Am trying to modify an already heavily modified joomla environment. I am not a Joomla dev so am a little lost in the wilderness, so to speak.

Basically, 99% of the site consists of articles with Access Level = Registered. When you hit the URL of one of these articles, Joomla redirects to an auth page. That makes sense, except the URL to the original article is lost so after login, you are redirected back to the homepage and not the article originally intended.

Now, I can see that the error.php page has been modified with code to intercept a 403 error, and this looks like it should work. BUT, somehow/somewhere Joomla is redirecting to the auth page in some other way, and no 403 is ever thrown.

So my question is, how does Joomla perform the redirect to the auth page (a custom plugin btw), and is there any way for Joomla to instead throw the 403 error so I can use the logic already coded in error.php.

Thanks in advance

ps it's Joomla 1.5.23 and PHP 5.2.17

Joomla! 1.5 uses a fairly comprehensive .htaccess file and as Joel said this happens before Joomla! gets a look in.

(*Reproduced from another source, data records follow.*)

Lemma removed_edge (T : finType) (e : rel T) (a b x y : T) :
  e x y -> ~~ remove_edge e a b x y ->
  ((x == a) && (y == b)) || ((x == b) && (y == a)).
Proof. by rewrite /remove_edge /= -set2_eqE => -> /negbNE. Qed.

Lemma square_eq_edgeP (F : idomainType) (T : finType) (e : rel T) (a b : T)
    (u : T -> F) :
  simple_graph e -> e a b ->
  ZG_eq e (UG_mul e u u) (ZG_edge F a b) <->
  alternating (remove_edge e a b) u /\ (u a + u b) ^+ 2 = 1.
Proof.
move=> [irr_e sym_e] eab.
have neq_edge x y : e x y -> x != y.
  by move=> exy; apply: contraTneq exy => ->; rewrite irr_e.
have sqE x y : e x y -> UG_mul e u u x y = (u x + u y) ^+ 2.
  by move=> exy; rewrite UG_mul_edge ?neq_edge.
split=> [sq_u | [alt_u sq_ab] x y exy].
  split=> [x y /andP[exy /negbTE not_ab] | ].
    by apply/eqP; rewrite -sqrf_eq0 -sqE // sq_u // /ZG_edge not_ab.
  by rewrite -sqE // sq_u // /ZG_edge eqxx.
rewrite sqE // /ZG_edge; case: ifP => [| not_ab].
  by rewrite set2_eqE => /orP[]/andP[/eqP-> /eqP->]; rewrite // addrC.
by rewrite alt_u ?expr0n // /remove_edge /= exy not_ab.
Qed.

Lemma path_parity (T : Type) (r : rel T) (c : T -> bool) (x : T) (p : seq T) :
  proper_coloring r c -> path r x p -> c (last x p) = c x (+) odd (size p).
Proof.
move=> col_c; elim: p x => [|y p IH] x /=; first by rewrite addbF.
case/andP=> rxy /IH ->; move: (col_c _ _ rxy).
by case: (c x); case: (c y); case: (odd (size p)).
Qed.

Lemma odd_cycle_not_proper (T : eqType) (r : rel T) (c : T -> bool) (s : seq T) :
  cycle r s -> odd (size s) -> ~ proper_coloring r c.
Proof.
case: s => // x s /= cyc odd_s col_c.
move: (path_parity col_c cyc); rewrite last_rcons size_rcons /= odd_s.
by case: (c x).
Qed.

Lemma proper_coloring_remove_edge (T : finType) (e : rel T) (a b : T)
    (c : T -> bool) :
  proper_coloring (remove_edge e a b) c -> c a != c b -> proper_coloring e c.
Proof.
move=> col_c cab x y exy; case: (boolP (remove_edge e a b x y)); first exact: col_c.
by case/(removed_edge exy)/orP=> /andP[/eqP-> /eqP->]; rewrite // eq_sym.
Qed.

Lemma signed_add_eq0 (T : Type) (V : zmodType) (c : T -> bool) (w : V) (x y : T) :
  c x != c y -> signed c w x + signed c w y = 0.
Proof. by rewrite /signed; case: (c x); case: (c y); rewrite ?subrr ?addNr. Qed.

Lemma alternating_signed (T : Type) (V : zmodType) (r : rel T) (c : T -> bool)
    (w : V) :
  proper_coloring r c -> alternating r (signed c w).
Proof. by move=> col_c x y /col_c; apply: signed_add_eq0. Qed.

Lemma alternating_restrict (T : finType) (V : zmodType) (r : rel T) (v : T)
    (u : T -> V) :
  connect_sym r ->
  (forall x y, connect r v x -> r x y -> u x + u y = 0) ->
  alternating r (fun x => if connect r v x then u x else 0).
Proof.
move=> sym_r alt_u x y rxy.
have vxy : connect r v x = connect r v y.
  by apply: same_connect_r => //; apply: connect1.
by rewrite -vxy; case: ifP => [/alt_u->|] //; rewrite addr0.
Qed.

Lemma oppr_eq_self (F : idomainType) (x : F) :
  (2%:R : F) != 0 -> (- x == x) = (x == 0).
Proof.
move=> two_neq0; rewrite eq_sym -subr_eq0 opprK -mulr2n -mulr_natl mulf_eq0.
by rewrite (negbTE two_neq0).
Qed.

Lemma alternating_eq_opp (T : Type) (V : zmodType) (r : rel T) (u : T -> V)
    (x y : T) :
  alternating r u -> r x y -> u y = - u x.
Proof. by move=> alt_u rxy; apply/eqP; rewrite -addr_eq0 addrC alt_u. Qed.

Lemma alternating_connect (T : finType) (V : zmodType) (r : rel T)
    (u : T -> V) (v x : T) :
  alternating r u -> connect r v x -> (u x == u v) || (u x == - u v).
Proof.
move=> alt_u /connectP[p + ->]; elim: p v => [|y p IH] v /=; first by rewrite eqxx.
by case/andP=> /(alternating_eq_opp alt_u) uy /IH; rewrite uy opprK orbC.
Qed.

Lemma alternating_coloring (F : idomainType) (T : finType) (r : rel T)
    (u : T -> F) (v x y : T) :
  (2%:R : F) != 0 -> alternating r u -> u v != 0 ->
  connect r v x -> r x y -> (u x == u v) != (u y == u v).
Proof.
move=> two_neq0 alt_u uv_neq0 vx rxy.
rewrite (alternating_eq_opp alt_u rxy).
have opp_uv : (- u v == u v) = false by rewrite oppr_eq_self // (negbTE uv_neq0).
by case/orP: (alternating_connect alt_u vx) => /eqP->; rewrite ?opprK eqxx opp_uv.
Qed.

Lemma connect_remove_edge (T : finType) (e : rel T) (a b v : T) :
  symmetric e -> connected_graph e ->
  connect (remove_edge e a b) v a || connect (remove_edge e a b) v b.
Proof.
move=> sym_e conn_e; set e' := remove_edge e a b.
have sym_e' : connect_sym e' by apply/sym_connect_sym/remove_edge_sym.
pose A := [pred x | connect e' x a || connect e' x b].
have closedA : closed e A.
  move=> x y exy; case: (boolP (e' x y)) => [e'xy | /(removed_edge exy)].
    by rewrite !inE !(same_connect1 sym_e' e'xy).
  by case/orP=> /andP[/eqP-> /eqP->]; rewrite !inE !connect0 ?orbT.
have := closed_connect closedA (conn_e a v).
by rewrite !inE connect0 => <-.
Qed.

Lemma on_odd_cycle_of_coloring (T : finType) (e r : rel T) (c : T -> bool)
    (a b : T) :
  subrel r e -> e b a -> a != b -> proper_coloring r c -> c a = c b ->
  connect r a b -> on_odd_cycle e a b.
Proof.
move=> sub_re eba neq_ab col_c cab /connectP[p0 /shortenP[p r_p uniq_p _] b_last].
subst b; have even_p : ~~ odd (size p).
  by move: (path_parity col_c r_p); rewrite -cab; case: (c a); case: (odd _).
have size_p : (2 <= size p)%N.
  case: p {r_p uniq_p col_c cab eba} even_p neq_ab => [|y [|z q]] //=.
  by rewrite eqxx.
exists (a :: p); split.
  by split=> //=; rewrite rcons_path (sub_path sub_re r_p).
rewrite mem_head (next_nth (a :: p) (last a p)) mem_last index_last //=.
by rewrite nth_default // eqxx orbT.
Qed.

Section SquareRootOfEdge.

Variables (F : idomainType) (T : finType) (e : rel T) (a b : T) (u : T -> F).
Hypotheses (two_neq0 : (2%:R : F) != 0)
  (alt_u : alternating (remove_edge e a b) u) (u_ab : u a + u b != 0).

Lemma component_bipartite_of_root :
  exists v, component_bipartite (remove_edge e a b) v.
Proof.
have [v uv_neq0] : exists v, u v != 0.
  have [ua0|] := eqVneq (u a) 0; last by exists a.
  by exists b; move: u_ab; rewrite ua0 add0r.
by exists v, (fun x => u x == u v) => x y vx _; apply: alternating_coloring.
Qed.

Lemma odd_cycle_of_root :
  symmetric e -> connected_graph e -> e a b -> a != b ->
  connect (remove_edge e a b) a b ->
  on_odd_cycle e a b /\ bipartite (remove_edge e a b).
Proof.
move=> sym_e conn_e eab neq_ab ab; set e' := remove_edge e a b.
have sym_e' : connect_sym e' by apply/sym_connect_sym/remove_edge_sym.
have ub : u b = u a.
  case/orP: (alternating_connect alt_u ab) => /eqP // ub.
  by move: u_ab; rewrite ub subrr eqxx.
have ua_neq0 : u a != 0 by apply: contraNneq u_ab => ua0; rewrite ub ua0 addr0.
have from_a x : connect e' a x.
  rewrite sym_e'; case/orP: (connect_remove_edge a b x sym_e conn_e) => // xb.
  by apply: connect_trans xb _; rewrite sym_e'.
have col : proper_coloring e' (fun x => u x == u a).
  by move=> x y; apply: alternating_coloring.
split; last by exists (fun x => u x == u a).
apply: (on_odd_cycle_of_coloring _ _ neq_ab col) => //; last by rewrite ub.
- by move=> x y /andP[].
- by rewrite sym_e.
Qed.

End SquareRootOfEdge.

Lemma root_of_odd_cycle (F : fieldType) (T : finType) (e : rel T) (a b : T) :
  (2%:R : F) != 0 -> on_odd_cycle e a b -> bipartite (remove_edge e a b) ->
  exists u : T -> F, alternating (remove_edge e a b) u /\ (u a + u b) ^+ 2 = 1.
Proof.
move=> two_neq0 [s [[cyc _ _ odd_s] _]] [c col_c].
have cab : c a = c b.
  apply/eqP; apply: contraT => /(proper_coloring_remove_edge col_c).
  by move/(odd_cycle_not_proper cyc odd_s).
exists (signed (fun x => c x == c a) 2%:R^-1); split.
  apply: alternating_signed => x y /col_c.
  by case: (c x); case: (c y); case: (c a).
by rewrite /signed -cab eqxx -[_ + _]mulr2n -[_ *+ 2]mulr_natr mulVf // expr1n.
Qed.

Lemma root_of_bridge (R : nzRingType) (T : finType) (e : rel T) (a b v : T) :
  symmetric e -> connected_graph e -> is_bridge e a b ->
  component_bipartite (remove_edge e a b) v ->
  exists u : T -> R, alternating (remove_edge e a b) u /\ (u a + u b) ^+ 2 = 1.
Proof.
move=> sym_e conn_e bridge [c col_c]; set e' := remove_edge e a b.
have sym_e' : connect_sym e' by apply/sym_connect_sym/remove_edge_sym.
exists (fun x => if connect e' v x then signed c 1 x else 0); split.
  apply: alternating_restrict => // x y vx e'xy; apply/signed_add_eq0/col_c => //.
  exact: connect_trans vx (connect1 e'xy).
have not_both : ~~ (connect e' v a && connect e' v b).
  apply: contra bridge => /andP[va vb]; apply: connect_trans vb.
  by rewrite sym_e'.
case/orP: (connect_remove_edge a b v sym_e conn_e) => side; rewrite side;
  move: not_both; rewrite side /= ?andbT => /negbTE ->;
  by rewrite /signed; case: (c _); rewrite ?addr0 ?add0r ?sqrrN expr1n.
Qed.

Theorem proposition6p1 (F : fieldType) (T : finType) (e : rel T) (a b : T) :
  (2%:R : F) != 0 ->
  simple_graph e -> connected_graph e -> e a b ->
  (exists u : T -> F, ZG_eq e (UG_mul e u u) (ZG_edge F a b)) <->
  ((on_odd_cycle e a b /\ bipartite (remove_edge e a b)) \/
   (is_bridge e a b /\
    exists v : T, component_bipartite (remove_edge e a b) v)).
Proof.
move=> two_neq0 simple_e conn_e eab; have [irr_e sym_e] := simple_e.
have neq_ab : a != b by apply: contraTneq eab => ->; rewrite irr_e.
split=> [[u /(square_eq_edgeP _ simple_e eab) [alt_u sq_ab]] | cases].
  have u_ab : u a + u b != 0.
    by apply/eqP => ab0; move: sq_ab; rewrite ab0 expr0n => /esym/eqP; rewrite oner_eq0.
  case: (boolP (connect (remove_edge e a b) a b)) => [ab | bridge].
    by left; apply: (odd_cycle_of_root two_neq0 alt_u u_ab).
  by right; split; last exact: (component_bipartite_of_root two_neq0 alt_u u_ab).
have [u root_u] : exists u : T -> F,
    alternating (remove_edge e a b) u /\ (u a + u b) ^+ 2 = 1.
  case: cases => [[cyc bip] | [bridge [v comp]]].
    exact: root_of_odd_cycle.
  exact: root_of_bridge comp.
by exists u; apply/square_eq_edgeP.
Qed.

A standard Joomla! 1.5 installation will redirect to the correct content after a users logins if the relevant component is written correctly (like the standard com_content for articles). I would start by looking at why that isn't working eg has the auth check been modified for some reason.

Joomla! 1.5 normally does this by attaching a return parameter (base64 encoded), to the URL that is used to call com_user , you can find in most components code like this to check if the users has access and if not redirect them.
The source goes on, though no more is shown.